11 Insofar as any dividend or other distribution and/or a return
of capital is proposed, declared, made, paid or payable by BBGI in
respect of any BBGI Share on or after the Announcement Date, Bidco
reserves the right to reduce the price payable under the Offer in
respect of such BBGI Shares by the amount of such dividend and/or
distribution and/or return of capital, except in so far as the BBGI
Share is or will be transferred pursuant to the Offer on a basis
which entitles Bidco alone to receive the dividend and/or
distribution and/or return of capital, but if that reduction to the
price has not been effected, the person to whom the Offer
consideration is paid in respect of that BBGI Share will be obliged
to account to Bidco for the amount of such dividend and/or
distribution and/or return of capital. If Bidco exercises its right
to reduce the Offer consideration by all or part of the amount of
such dividend and/or distribution and/or return of capital that has
not been paid, BBGI Shareholders will be entitled to receive and
retain that dividend and/or distribution and/or return of capital.
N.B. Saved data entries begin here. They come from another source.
(* Assume $f$ is in Case 4. For every $0<l<\alpha$ there exist positive numbers $r_1,r_2$, which can be taken arbitrarily small, such that $f(U^{l,+}_{r_1,r_2})\subset U^{l,+}_{r_1,r_2}$, where $U^{l,+}_{r_1,r_2}=\{|z|<r_1,\ |w|<r_2|z|^l\}$.
   Context: Let $f(z,w)=(p(z),q(z,w))$ be a holomorphic skew product defined near the origin of $\mathbb{C}^2$ with $p(z)=az^{\delta}+O(z^{\delta+1})$, $a\neq0$, $\delta\ge2$, and $q(z,w)=\sum_{i,j\ge0}b_{ij}z^iw^j$ with $b_{00}=b_{01}=0$. The Newton polygon $N(q)$ is the convex hull of $\bigcup_{b_{ij}\ne0}\{(x,y):x\ge i,\ y\ge j\}$, with vertices $(n_1,m_1),\dots,(n_s,m_s)$, $n_1<\dots<n_s$, $m_1>\dots>m_s$. For $1\le k\le s-1$, $T_k$ is the $y$-intercept of the line through $(n_k,m_k)$ and $(n_{k+1},m_{k+1})$. Case 4 means $s>2$ and $T_k\le\delta\le T_{k-1}$ for some $2\le k\le s-1$; then set $(\gamma,d)=(n_k,m_k)$ (so $\gamma>0$, $\delta>d\ge1$) and $\alpha=\gamma/(\delta-d)$. *)

From Stdlib Require Import Reals.
From Coquelicot Require Import Coquelicot.
Open Scope R_scope.

Definition CSeries (u : nat -> C) : C :=
  (Series (fun n => Re (u n)), Series (fun n => Im (u n))).

Definition pval (a : nat -> C) (z : C) : C :=
  CSeries (fun n => (a n * Cpow z n)%C).

Definition qval (b : nat -> nat -> C) (z w : C) : C :=
  CSeries (fun i => CSeries (fun j => (b i j * Cpow z i * Cpow w j)%C)).

(* p is holomorphic near 0: its power series converges absolutely on some disk *)
Definition conv1 (a : nat -> C) : Prop :=
  exists rho, 0 < rho /\ ex_series (fun n => Cmod (a n) * rho ^ n).

(* q is holomorphic near (0,0): its double power series converges absolutely
   on some polydisk *)
Definition conv2 (b : nat -> nat -> C) : Prop :=
  exists rho, 0 < rho /\
    (forall i, ex_series (fun j => Cmod (b i j) * rho ^ i * rho ^ j)) /\
    ex_series (fun i => Series (fun j => Cmod (b i j) * rho ^ i * rho ^ j)).

(* Newton polygon N(q): convex hull of the union over b_ij <> 0 of the
   quadrants {(x,y) : x >= i, y >= j}. *)
Definition in_quadrants (b : nat -> nat -> C) (x y : R) : Prop :=
  exists i j : nat, b i j <> 0%C /\ INR i <= x /\ INR j <= y.

Definition newton_polygon (b : nat -> nat -> C) (x y : R) : Prop :=
  exists (n : nat) (lam px py : nat -> R),
    (forall k, (k < n)%nat -> 0 <= lam k /\ in_quadrants b (px k) (py k)) /\
    sum_f_R0 lam (pred n) = 1 /\ (0 < n)%nat /\
    x = sum_f_R0 (fun k => lam k * px k) (pred n) /\
    y = sum_f_R0 (fun k => lam k * py k) (pred n).

Definition is_vertex (b : nat -> nat -> C) (x y : R) : Prop :=
  newton_polygon b x y /\
  forall x1 y1 x2 y2, newton_polygon b x1 y1 -> newton_polygon b x2 y2 ->
    x = (x1 + x2) / 2 -> y = (y1 + y2) / 2 -> x1 = x2 /\ y1 = y2.

Definition y_intercept (x1 y1 x2 y2 : R) : R :=
  y1 - x1 * (y2 - y1) / (x2 - x1).

(* Case 4 with distinguished vertex (gamma,d) = (n_k, m_k), 2 <= k <= s-1:
   (n_{k-1},m_{k-1}) and (n_{k+1},m_{k+1}) are the vertices immediately to the
   left and to the right of (n_k,m_k) (vertices are ordered by abscissa), and
   T_k <= delta <= T_{k-1}. *)
Definition case4_vertex (b : nat -> nat -> C) (delta gamma d : nat) : Prop :=
  is_vertex b (INR gamma) (INR d) /\
  exists x0 y0 x2 y2 : R,
    is_vertex b x0 y0 /\ x0 < INR gamma /\
    (forall x y, is_vertex b x y -> ~ (x0 < x < INR gamma)) /\
    is_vertex b x2 y2 /\ INR gamma < x2 /\
    (forall x y, is_vertex b x y -> ~ (INR gamma < x < x2)) /\
    y_intercept (INR gamma) (INR d) x2 y2 <= INR delta /\
    INR delta <= y_intercept x0 y0 (INR gamma) (INR d).

Definition rpow (x l : R) : R := if Req_EM_T x 0 then 0 else Rpower x l.

Definition U_plus (l r1 r2 : R) (z w : C) : Prop :=
  Cmod z < r1 /\ Cmod w < r2 * rpow (Cmod z) l.

From Stdlib Require Import Reals Lra Lia Psatz List Classical.
From Coquelicot Require Import Coquelicot.
Open Scope R_scope.

(* With alpha = gamma / (delta - d), the line x + alpha y = alpha delta passes through (gamma, d)
   and (0, delta), and in Case 4 it supports the Newton polygon: every monomial z^i w^j of q has
   i >= alpha (delta - j).  Otherwise the leftmost minimiser of x + alpha y over the support of q
   would be a vertex of N(q) strictly below that line; wherever its abscissa lies relative to the
   neighbours of (gamma, d), it contradicts either their adjacency or their being vertices.
   On U^{l,+} put tau = |z|/rho and sigma = |w|/rho <= tau^l.  A monomial of q is then at most
   sigma^delta when j >= delta and tau^(l delta) tau^(alpha - l) when j < delta, whereas
   |p(z)|^l >= (|a_delta|/2)^l |z|^(l delta).  Choosing r2 small controls the first kind of term
   against r2 |p(z)|^l; then choosing r1 small controls the second one through the spare factor
   tau^(alpha - l).  Finally |p(z)| < r1 because delta >= 2. *)

(** * The Newton polygon *)

Lemma sum_weighted_affine (lam f g : nat -> R) (c1 c2 c3 : R) (N : nat) :
  sum_f_R0 (fun k => lam k * (c1 * f k + c2 * g k + c3)) N =
  c1 * sum_f_R0 (fun k => lam k * f k) N + c2 * sum_f_R0 (fun k => lam k * g k) N
  + c3 * sum_f_R0 lam N.
Proof. induction N as [|N IH]; simpl; [|rewrite IH]; ring. Qed.

Lemma convex_comb_ge (lam v : nat -> R) (c : R) (N : nat) :
  sum_f_R0 lam N = 1 -> (forall k, (k <= N)%nat -> lam k * c <= lam k * v k) ->
  c <= sum_f_R0 (fun k => lam k * v k) N.
Proof.
  intros Hsum Hk. rewrite <- (Rmult_1_r c), <- Hsum, scal_sum.
  apply sum_Rle. exact Hk.
Qed.

Lemma sum_nonneg_eq0 (f : nat -> R) (N : nat) :
  (forall k, (k <= N)%nat -> 0 <= f k) -> sum_f_R0 f N = 0 ->
  forall k, (k <= N)%nat -> f k = 0.
Proof.
  induction N as [|N IH]; intros Hpos Hsum k Hk; simpl in Hsum.
  - replace k with 0%nat by lia. exact Hsum.
  - assert (Hprefix : 0 <= sum_f_R0 f N).
    { rewrite <- (sum_eq_R0 (fun _ => 0) N) by auto.
      apply sum_Rle. intros n Hn. apply Hpos. lia. }
    assert (Hlast : 0 <= f (S N)) by (apply Hpos; lia).
    destruct (Nat.eq_dec k (S N)) as [->|Hne]; [lra|].
    apply IH; [intros n Hn; apply Hpos; lia|lra|lia].
Qed.

Lemma newton_polygon_ge (b : nat -> nat -> C) (c a1 a2 x y : R) :
  0 <= a1 -> 0 <= a2 ->
  (forall i j, b i j <> 0%C -> c <= a1 * INR i + a2 * INR j) ->
  newton_polygon b x y -> c <= a1 * x + a2 * y.
Proof.
  intros Ha1 Ha2 Hsupp (n & lam & px & py & Hk & Hsum & Hn & -> & ->).
  pose proof (sum_weighted_affine lam px py a1 a2 0 (pred n)) as E.
  rewrite Rmult_0_l, Rplus_0_r in E. rewrite <- E.
  apply convex_comb_ge; [exact Hsum|]. intros k Hk'.
  destruct (Hk k ltac:(lia)) as (Hl & i & j & Hb & Hi & Hj).
  specialize (Hsupp i j Hb).
  apply Rmult_le_compat_l; [exact Hl|]. nra.
Qed.

Lemma newton_polygon_support (b : nat -> nat -> C) (i j : nat) :
  b i j <> 0%C -> newton_polygon b (INR i) (INR j).
Proof.
  intros Hb. exists 1%nat, (fun _ => 1), (fun _ => INR i), (fun _ => INR j).
  repeat split; simpl; try lra; try lia. exists i, j. repeat split; auto; lra.
Qed.

Lemma newton_polygon_up (b : nat -> nat -> C) (x y h1 h2 : R) :
  newton_polygon b x y -> 0 <= h1 -> 0 <= h2 -> newton_polygon b (x + h1) (y + h2).
Proof.
  intros (n & lam & px & py & Hk & Hsum & Hn & Hx & Hy) Hh1 Hh2.
  exists n, lam, (fun k => px k + h1), (fun k => py k + h2).
  split; [|split; [exact Hsum|split; [exact Hn|split]]].
  - intros k Hk'. destruct (Hk k Hk') as (Hl & i & j & Hb & Hi & Hj).
    split; [exact Hl|]. exists i, j. repeat split; auto; lra.
  - rewrite Hx, (sum_eq (fun k => lam k * (px k + h1))
                         (fun k => lam k * (1 * px k + 0 * py k + h1))) by (intros; ring).
    rewrite sum_weighted_affine, Hsum. ring.
  - rewrite Hy, (sum_eq (fun k => lam k * (py k + h2))
                         (fun k => lam k * (0 * px k + 1 * py k + h2))) by (intros; ring).
    rewrite sum_weighted_affine, Hsum. ring.
Qed.

Lemma newton_polygon_mix_support (b : nat -> nat -> C) (i j : nat) (x y mu : R) :
  b i j <> 0%C -> newton_polygon b x y -> 0 <= mu <= 1 ->
  newton_polygon b (mu * INR i + (1 - mu) * x) (mu * INR j + (1 - mu) * y).
Proof.
  intros Hb (n & lam & px & py & Hk & Hsum & Hn & Hx & Hy) Hmu.
  destruct n as [|m]; [lia|]. simpl pred in Hsum, Hx, Hy.
  exists (S (S m)), (fun k => if (k <? S m)%nat then (1 - mu) * lam k else mu),
    (fun k => if (k <? S m)%nat then px k else INR i),
    (fun k => if (k <? S m)%nat then py k else INR j).
  assert (Hold : forall k, (k <= m)%nat -> (k <? S m)%nat = true)
    by (intros k Hkm; apply Nat.ltb_lt; lia).
  simpl pred. rewrite !tech5, !Nat.ltb_irrefl.
  split; [|split; [|split; [lia|split]]].
  - intros k Hk'. destruct (k <? S m)%nat eqn:E.
    + apply Nat.ltb_lt in E. destruct (Hk k E) as (Hl & Hq).
      split; [apply Rmult_le_pos; lra|exact Hq].
    + split; [lra|]. exists i, j. repeat split; auto; lra.
  - rewrite (sum_eq _ (fun k => lam k * (1 - mu)))
      by (intros k Hkm; rewrite Hold by exact Hkm; ring).
    rewrite <- scal_sum, Hsum. ring.
  - rewrite (sum_eq _ (fun k => lam k * px k * (1 - mu)))
      by (intros k Hkm; rewrite Hold by exact Hkm; ring).
    rewrite <- scal_sum, Hx. ring.
  - rewrite (sum_eq _ (fun k => lam k * py k * (1 - mu)))
      by (intros k Hkm; rewrite Hold by exact Hkm; ring).
    rewrite <- scal_sum, Hy. ring.
Qed.

Lemma vertex_lowest (b : nat -> nat -> C) (x y1 y : R) :
  newton_polygon b x y1 -> y1 < y -> ~ is_vertex b x y.
Proof.
  intros Hn Hlt [_ Hext].
  pose proof (newton_polygon_up b x y1 0 0 Hn ltac:(lra) ltac:(lra)) as Hlow.
  pose proof (newton_polygon_up b x y1 0 (2 * (y - y1)) Hn ltac:(lra) ltac:(lra)) as Hhigh.
  destruct (Hext _ _ _ _ Hlow Hhigh) as [_ Heq]; [field|field|lra].
Qed.

Lemma vertex_not_above_chord (b : nat -> nat -> C) (al : R) (qi qj : nat)
    (xg yg xv yv mu : R) :
  0 < al -> b qi qj <> 0%C -> newton_polygon b xg yg ->
  INR qi + al * INR qj < xg + al * yg -> xg + al * yg <= xv + al * yv ->
  0 < mu <= 1 -> xv = mu * INR qi + (1 - mu) * xg -> ~ is_vertex b xv yv.
Proof.
  intros Hal Hq Hg HQG HGV Hmu Hxv. rewrite Hxv.
  apply vertex_lowest with (mu * INR qj + (1 - mu) * yg);
    [apply newton_polygon_mix_support; auto; lra|].
  apply Rmult_lt_reg_l with al; [exact Hal|]. nra.
Qed.

Definition support_leftmost_min (b : nat -> nat -> C) (al : R) (qi qj : nat) : Prop :=
  b qi qj <> 0%C /\
  (forall i j, b i j <> 0%C -> INR qi + al * INR qj <= INR i + al * INR j) /\
  (forall i j, b i j <> 0%C -> INR i + al * INR j = INR qi + al * INR qj -> (qi <= i)%nat).

Lemma list_min {A : Type} (le : A -> A -> Prop) (P : A -> Prop) (l : list A) :
  (forall x y, le x y \/ le y x) -> (forall x y z, le x y -> le y z -> le x z) ->
  (exists x, In x l /\ P x) ->
  exists m, In m l /\ P m /\ forall y, In y l -> P y -> le m y.
Proof.
  intros Htot Htr. induction l as [|a l IH]; intros (x & Hx & Px); [destruct Hx|].
  assert (Hrefl : le a a) by (destruct (Htot a a); auto).
  destruct (classic (exists y, In y l /\ P y)) as [Hl|Hl].
  - destruct (IH Hl) as (m & Hm & Pm & Hmin).
    destruct (classic (P a /\ le a m)) as [[Pa Ham]|Ha].
    + exists a. split; [left; auto|split; [exact Pa|]].
      intros y [<-|Hy] Py; [exact Hrefl|eauto].
    + exists m. split; [right; exact Hm|split; [exact Pm|]].
      intros y [<-|Hy] Py; [|auto].
      destruct (Htot m a); [auto|exfalso; auto].
  - exists a. destruct Hx as [<-|Hx]; [|exfalso; eauto].
    split; [left; auto|split; [exact Px|]].
    intros y [<-|Hy] Py; [exact Hrefl|exfalso; eauto].
Qed.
The Offer Price will be reduced by the value of the interim
dividend relating to the period 1 July 2024 to 31 December 2024 to
the extent such dividend is proposed, declared, made or payable
following the Announcement Date.
12 The
Offer Price for each BBGI Share validly tendered (and not validly
withdrawn) in accordance with the terms and conditions of the Offer
will be payable in Sterling.
13 The
availability of the Offer to persons not resident in the United
Kingdom may be affected by the laws of the relevant jurisdictions.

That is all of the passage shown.